Financial details of the acquisition have not been disclosed by both companies.
Ingredion president and CEO Jim Zallie said: “This next phase of growth is consistent with other actions we’ve taken to strengthen our specialities business and deliver long-term value for our shareholders.
“This acquisition expands our higher-value speciality ingredients business, which is central to Ingredion’s growth strategy. We have tremendous respect for the culture and business that Western Polymer has built and we look forward to the future opportunities that we will create together.”

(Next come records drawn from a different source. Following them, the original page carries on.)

(* Let $k$ be a field, $t\ge1$, $n_1,\dots,n_t\ge1$ and $a_1,\dots,a_t\ge1$ integers with $d=\sum_{s=1}^ta_s\ge2$. Let $K^{d(\mathbf a)}_{\mathbf n}$ be the $d(a_1,\dots,a_t)$-complete multipartite hypergraph. Then $R/I(K^{d(\mathbf a)}_{\mathbf n})$ has a linear resolution, and for $i\ge1$, $\beta_{i,j}(K^{d(\mathbf a)}_{\mathbf n})\ne0$ only if $j=i+(d-1)$.
   Context: $K^{d(\mathbf a)}_{\mathbf n}$ is the hypergraph on the disjoint union $B_1\sqcup\cdots\sqcup B_t$ ($|B_s|=n_s$) whose edges are all subsets $E$ with $|E\cap B_s|=a_s$ for every $s$. $R$ is the polynomial ring over $k$ with one variable per vertex; $I(\mathcal H)$ is generated by $\prod_{v\in E}x_v$, $E$ an edge; $\beta_{i,j}=\dim_k\mathrm{Tor}^R_i(R/I(\mathcal H),k)_j$. $R/I$ has a linear resolution if there is $c$ with $\beta_{i,j}=0$ for all $i\ge1$, $j\ne i+c-1$. *)

From HB Require Import structures.
From mathcomp Require Import all_boot all_order all_algebra.
Set Implicit Arguments. Unset Strict Implicit. Unset Printing Implicit Defensive.
Import GRing.Theory.
Local Open Scope ring_scope.

(* Graded Betti numbers beta_{i,j} of R/I(H) for a squarefree monomial ideal
   I(H) = (x^E : E an edge of H) in R = k[x_v : v in V], computed as
   Tor_i^R(R/I,k)_j = H_i(K(x) (x) R/I)_j  (Koszul complex), multidegree by
   multidegree. *)

Section Koszul.
Variables (k : fieldType) (V : finType) (edges : {set {set V}}).

(* x^a lies in the monomial ideal generated by the x^E, E an edge,
   iff some generator x^E divides x^a. *)
Definition mono_in_ideal (a : V -> nat) : bool :=
  [exists E in edges, [forall v in E, (0 < a v)%N]].

Definition kshift (a : V -> nat) (F : {set V}) : V -> nat :=
  fun v => (a v - (v \in F))%N.

(* basis of the multidegree-a, homological-degree-i part of K(x) (x) R/I:
   the elements m (x) e_F with |F| = i and m the standard monomial x^(a-e_F)
   (which must exist, i.e. a - e_F >= 0, and not lie in I). *)
Definition kbasis (a : V -> nat) (i : nat) (F : {set V}) : bool :=
  [&& #|F| == i, [forall v in F, (0 < a v)%N] & ~~ mono_in_ideal (kshift a F)].

(* Koszul sign of deleting v from F (V ordered by enum_rank) *)
Definition ksign (F : {set V}) (v : V) : k :=
  (-1) ^+ #|[set u in F | (enum_rank u < enum_rank v)%N]|.

Definition NS := #|{: {set V}}|.

(* matrix (row-vector convention) of the Koszul differential
   d_i : K_i(a) -> K_{i-1}(a),  e_F |-> sum_{v in F} sign * x_v e_{F \ v},
   on the space with coordinates indexed by all subsets of V (coordinates
   outside the basis are identically zero). *)
Definition kdiff (a : V -> nat) (i : nat) : 'M[k]_(NS, NS) :=
  \matrix_(p, q)
    (let F := (enum_val p : {set V}) in let G := (enum_val q : {set V}) in
     if [&& kbasis a i F, kbasis a i.-1 G, G \subset F & #|F| == (#|G|.+1)%N]
     then \sum_(v in F :\: G) ksign F v else 0).

(* dim_k H_i of the multidegree-a strand = dim ker d_i - dim im d_{i+1} *)
Definition koszul_homdim (a : V -> nat) (i : nat) : nat :=
  (#|[set F | kbasis a i F]| - \rank (kdiff a i) - \rank (kdiff a i.+1))%N.

Definition betti (i j : nat) : nat :=
  (\sum_(al : {ffun V -> 'I_j.+1} | (\sum_v (al v : nat))%N == j)
     koszul_homdim (fun v => (al v : nat)) i)%N.

End Koszul.

Definition has_linear_resolution (b : nat -> nat -> nat) : Prop :=
  exists c : nat, forall i j : nat, (1 <= i)%N -> j <> (i + c - 1)%N -> b i j = 0%N.

(* the d(a)-complete multipartite hypergraph K^{d(a)}_n on B_1 |_| ... |_| B_t,
   |B_s| = n_s: vertex set {s : 'I_t & 'I_(n s)}, block B_s = {x | tag x = s} *)
Definition cmh_vertex (t : nat) (n : 'I_t -> nat) : finType := {s : 'I_t & 'I_(n s)}.

Definition cmh_edges (t : nat) (n a : 'I_t -> nat) : {set {set cmh_vertex n}} :=
  [set E : {set cmh_vertex n} | [forall s : 'I_t, #|[set x in E | tag x == s]| == a s]].

(* The Betti numbers are computed multidegree by multidegree from the Koszul
   complex, and the homology of each multidegree-[m] strand is killed by an acyclic
   matching of its basis (algebraic discrete Morse theory): a matched pair gives a
   pivot entry of the differential, so a strand whose degree-[i] basis elements
   are all matched has no homology in degree [i].
   If [m w >= 2] for some vertex [w], or if the support of [m] contains no edge,
   toggling [w] (any vertex of the support) is such a matching.  Otherwise [m] is
   the indicator of a set [W] containing an edge, and [F] is a basis element iff
   [F \subset W] and some block [B_s] meets [F] in more than
   [c_s = |W /\ B_s| - a_s] vertices.  Toggling, in turn, one chosen vertex of
   each block leaves unmatched only the [F] with [|F /\ B_s0| = c_s0 + 1] and
   [|F /\ B_s| = c_s] for [s <> s0]; they have [|F| = |W| - d + 1], so they only
   occur in internal degree [j = |W| = i + d - 1]. *)

From mathcomp Require Import all_boot all_order all_algebra.
From mathcomp Require Import zify.
Set Implicit Arguments. Unset Strict Implicit. Unset Printing Implicit Defensive.
Import GRing.Theory.

Section TriangularRank.
Local Open Scope ring_scope.

Lemma mxrank_ge_triangular (F : fieldType) m n (M : 'M[F]_(m, n)) (P : pred 'I_m)
    (f : 'I_m -> 'I_n) (h : 'I_m -> nat) :
  (forall p, P p -> M p (f p) != 0) ->
  (forall p q, P p -> P q -> p != q -> M p (f q) != 0 -> (h q < h p)%N) ->
  (#|P| <= \rank M)%N.
Proof.
move=> diag_nz tri.
pose e (r : 'I_#|P|) : 'I_m := enum_val r.
have eP r : P (e r) by exact: enum_valP.
have e_inj : injective e by exact: enum_val_inj.
suff free_rows : row_free (rowsub e M).
  by rewrite -(eqP free_rows) rowsubE mxrankM_maxr.
apply: inj_row_free => u uM0; apply/rowP => r0; rewrite mxE.
apply/eqP/negPn/negP => ur0.
(* A relation among the rows is refuted at column [f (e r)], for [r] of maximal height. *)
have [r ur rmax] := @arg_maxnP _ r0 (fun r => u 0 r != 0) (fun r => h (e r)) ur0.
have := congr1 (fun w : 'rV_n => w 0 (f (e r))) uM0.
rewrite /= !mxE (bigD1 r) //= big1 ?addr0.
  by rewrite mxE; apply/eqP; rewrite mulf_neq0 // diag_nz.
move=> r' r'r; rewrite mxE.
have [->|ur'] := eqVneq (u 0 r') 0; first by rewrite mul0r.
have [->|Mnz] := eqVneq (M (e r') (f (e r))) 0; first by rewrite mulr0.
have := tri _ _ (eP r') (eP r) _ Mnz.
have /= le_r'r := rmax r' ur'.
by rewrite (inj_eq e_inj) r'r => /(_ isT); rewrite ltnNge le_r'r.
Qed.

End TriangularRank.

Definition toggle (V : finType) (F : {set V}) (v : V) : {set V} :=
  if v \in F then F :\ v else v |: F.

Lemma toggleK (V : finType) (F : {set V}) v : toggle (toggle F v) v = F.
Proof.
rewrite /toggle; have [vF|vF] := boolP (v \in F).
  by rewrite !inE eqxx /= setD1K.
by rewrite setU11 setU1K.
Qed.

Lemma in_toggle (V : finType) (F : {set V}) v x : x != v -> (x \in toggle F v) = (x \in F).
Proof. by move=> xv; rewrite /toggle; case: ifP; rewrite !inE (negbTE xv). Qed.

Lemma subset_card_succ (V : finType) (F G : {set V}) :
  G \subset F -> #|F| = #|G|.+1 -> exists2 u, u \in F & G = F :\ u.
Proof.
move=> GF cF.
have : 0 < #|F :\: G| by rewrite cardsDS // cF subSnn.
case/card_gt0P => u; rewrite inE => /andP [uG uF].
exists u => //; apply/eqP; rewrite eqEcard; apply/andP; split.
  apply/subsetP => x xG; rewrite !inE (subsetP GF) // andbT.
  by apply: contraNneq uG => <-.
by have := cardsD1 u F; rewrite uF cF add1n => -[<-].
Qed.

Lemma card_enum_val (V : finType) (Q : pred {set V}) :
  #|[pred p : 'I_(NS V) | Q (enum_val p)]| = #|[set F | Q F]|.
Proof.
rewrite -(card_imset _ (@enum_val_inj _ [pred x | true])).
apply: eq_card => F; rewrite [RHS]inE; apply/imsetP/idP.
  by case=> p; rewrite inE => Qp ->.
by move=> QF; exists (enum_rank F); rewrite ?inE enum_rankK.
Qed.

Section KoszulStrand.
Variables (k : fieldType) (V : finType) (edges : {set {set V}}) (m : V -> nat).

Definition cell (F : {set V}) : bool :=
  [forall v in F, 0 < m v] && ~~ mono_in_ideal edges (kshift m F).

Lemma kbasisE i F : kbasis edges m i F = (#|F| == i) && cell F.
Proof. by []. Qed.

Lemma cell_toggle_of_gt1 w F : 1 < m w -> cell (toggle F w) = cell F.
Proof.
move=> mw; rewrite /cell; congr (_ && ~~ _).
  apply/forall_inP/forall_inP => Fm x xF; have [->|xw] := eqVneq x w.
  - exact: ltnW.
  - by apply: Fm; rewrite in_toggle.
  - exact: ltnW.
  - by apply: Fm; move: xF; rewrite in_toggle.
apply: eq_existsb => E; congr (_ && _); apply: eq_forallb => x; congr (_ ==> _).
rewrite /kshift; have [->|xw] := eqVneq x w; last by rewrite in_toggle.
have pos (b : bool) : 0 < m w - b by case: b; rewrite /= ?subn0 ?subn_gt0 // ltnW.
by rewrite !pos.
Qed.

(* An acyclic matching on the cells of the strand: [pivot F = Some v] pairs [F]
   with [toggle F v]; [height] orders the matched pairs. *)
Variables (pivot : {set V} -> option V) (height : {set V} -> nat).

Definition matched_down F := if pivot F is Some v then v \in F else false.
Definition mate F := if pivot F is Some v then toggle F v else F.

Hypothesis pivot_mate : forall F v, cell F -> pivot F = Some v ->
  cell (toggle F v) /\ pivot (toggle F v) = Some v.
Hypothesis matching_acyclic : forall p q u, cell p -> cell q ->
  matched_down p -> matched_down q -> u \in p -> mate q = p :\ u -> p != q ->
  height q < height p.

Lemma mateK F : cell F -> mate (mate F) = F.
Proof.
move=> cF; rewrite /mate; case E: (pivot F) => [v|]; last by rewrite E.
by have [_ ->] := pivot_mate cF E; rewrite toggleK.
Qed.

(* Each down-matched cell gives a pivot entry of the differential, below which
   the matrix is triangular for [height]. *)
Lemma card_matched_down_le_rank i : 0 < i ->
  #|[set F | kbasis edges m i F && matched_down F]| <= \rank (kdiff k edges m i).
Proof.
move=> i_gt0; rewrite -card_enum_val.
apply: (@mxrank_ge_triangular _ _ _ _ _ (fun p => enum_rank (mate (enum_val p)))
   (fun p => height (enum_val p))).
- move=> p /andP [] /=; set F := enum_val p; rewrite kbasisE /matched_down /mate.
  move=> /andP [/eqP cardF cF]; case E: (pivot F) => [v|] // vF.
  have [+ _] := pivot_mate cF E; rewrite /toggle vF => cFv.
  have cardFv : #|F :\ v| = i.-1 by rewrite -cardF (cardsD1 v F) vF.
  rewrite mxE enum_rankK /= -/F !kbasisE cardF cFv cF cardFv subD1set.
  rewrite prednK // !eqxx (eq_bigl (pred1 v)); last first.
    by move=> x; rewrite !inE /=; case: (x =P v) => [->|]; rewrite ?vF //=; case: (x \in F).
  by rewrite big_pred1_eq /ksign signr_eq0.
- move=> p q /andP [+ dp] /andP [+ dq] pq /=; rewrite !kbasisE.
  move=> /andP [_ cp] /andP [_ cq].
  rewrite mxE enum_rankK /=.
  case: ifP => [/and4P [_ _ sub card_succ] _|]; last by rewrite eqxx.
  have [u up' equ] := subset_card_succ sub (eqP card_succ).
  apply: (matching_acyclic cp cq dp dq up' equ).
  by rewrite (inj_eq enum_val_inj).
Qed.

Lemma card_cells_matched_up i :
  (forall F, cell F -> #|F| = i -> pivot F != None) ->
  #|[set F | kbasis edges m i F & ~~ matched_down F]| =
  #|[set F | kbasis edges m i.+1 F && matched_down F]|.
Proof.
move=> all_matched; rewrite -(card_in_imset (f := mate)); last first.
  move=> F1 F2; rewrite !inE !kbasisE => /andP [/andP [_ c1] _] /andP [/andP [_ c2] _] e.
  by rewrite -(mateK c1) e mateK.
apply: eq_card => G; rewrite [in RHS]inE; apply/imsetP/idP.
  case=> F; rewrite !inE kbasisE => /andP [/andP [/eqP cardF cF] up] ->.
  have := all_matched F cF cardF; rewrite /matched_down in up; rewrite /mate.
  case E: (pivot F) => [v|] // _; rewrite E in up.
  have [] := pivot_mate cF E; rewrite /toggle (negbTE up) => cFv EFv.
  by rewrite kbasisE cFv /matched_down EFv setU11 cardsU1 up cardF !andbT.
rewrite kbasisE /matched_down => /andP [/andP [/eqP cardG cG]].
case E: (pivot G) => [v|] // vG.
have [] := pivot_mate cG E; rewrite /toggle vG => cGv EGv.
exists (G :\ v); last by rewrite /mate EGv /toggle setD11 setD1K.
rewrite !inE kbasisE cGv /matched_down EGv setD11 /= !andbT.
by rewrite -eqSS -cardG (cardsD1 v G) vG.
Qed.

With the acquisition, Ingredion intends to expand its potato starch manufacturing capacity, improve processing capabilities and strengthen its speciality ingredients business.
Headquartered in Moses Lake, Washington, Western Polymer also sells modified tapioca starch for industrial applications.
Western Polymer primarily supplies cationic starch to the paper industry and manufactures native and modified potato starch for food applications.
The company has three manufacturing facilities located in Moses Lake, Fort Fairfield in Maine and Grand Forks in North Dakota.
Western Polymer president and CEO Lynn Townsend-White said: “We’re excited to leverage the strengths of Western Polymer and Ingredion to continue developing high-quality ingredients that align with consumer trends and customers’ needs.
“By coming together now, this enables even greater reach for our ingredients and positions the business for continued growth.”
Last December, Ingredion unveiled its plans to accelerate the production of plant-based proteins with an investment of $140m.
The investment is expected to broaden the company’s plant-based protein solutions in order to meet the increasing global demand.
Under this initiative, Ingredion’s two North American manufacturing facilities will produce pea-protein isolates, as well as a range of pulse-based flours and concentrates from next year.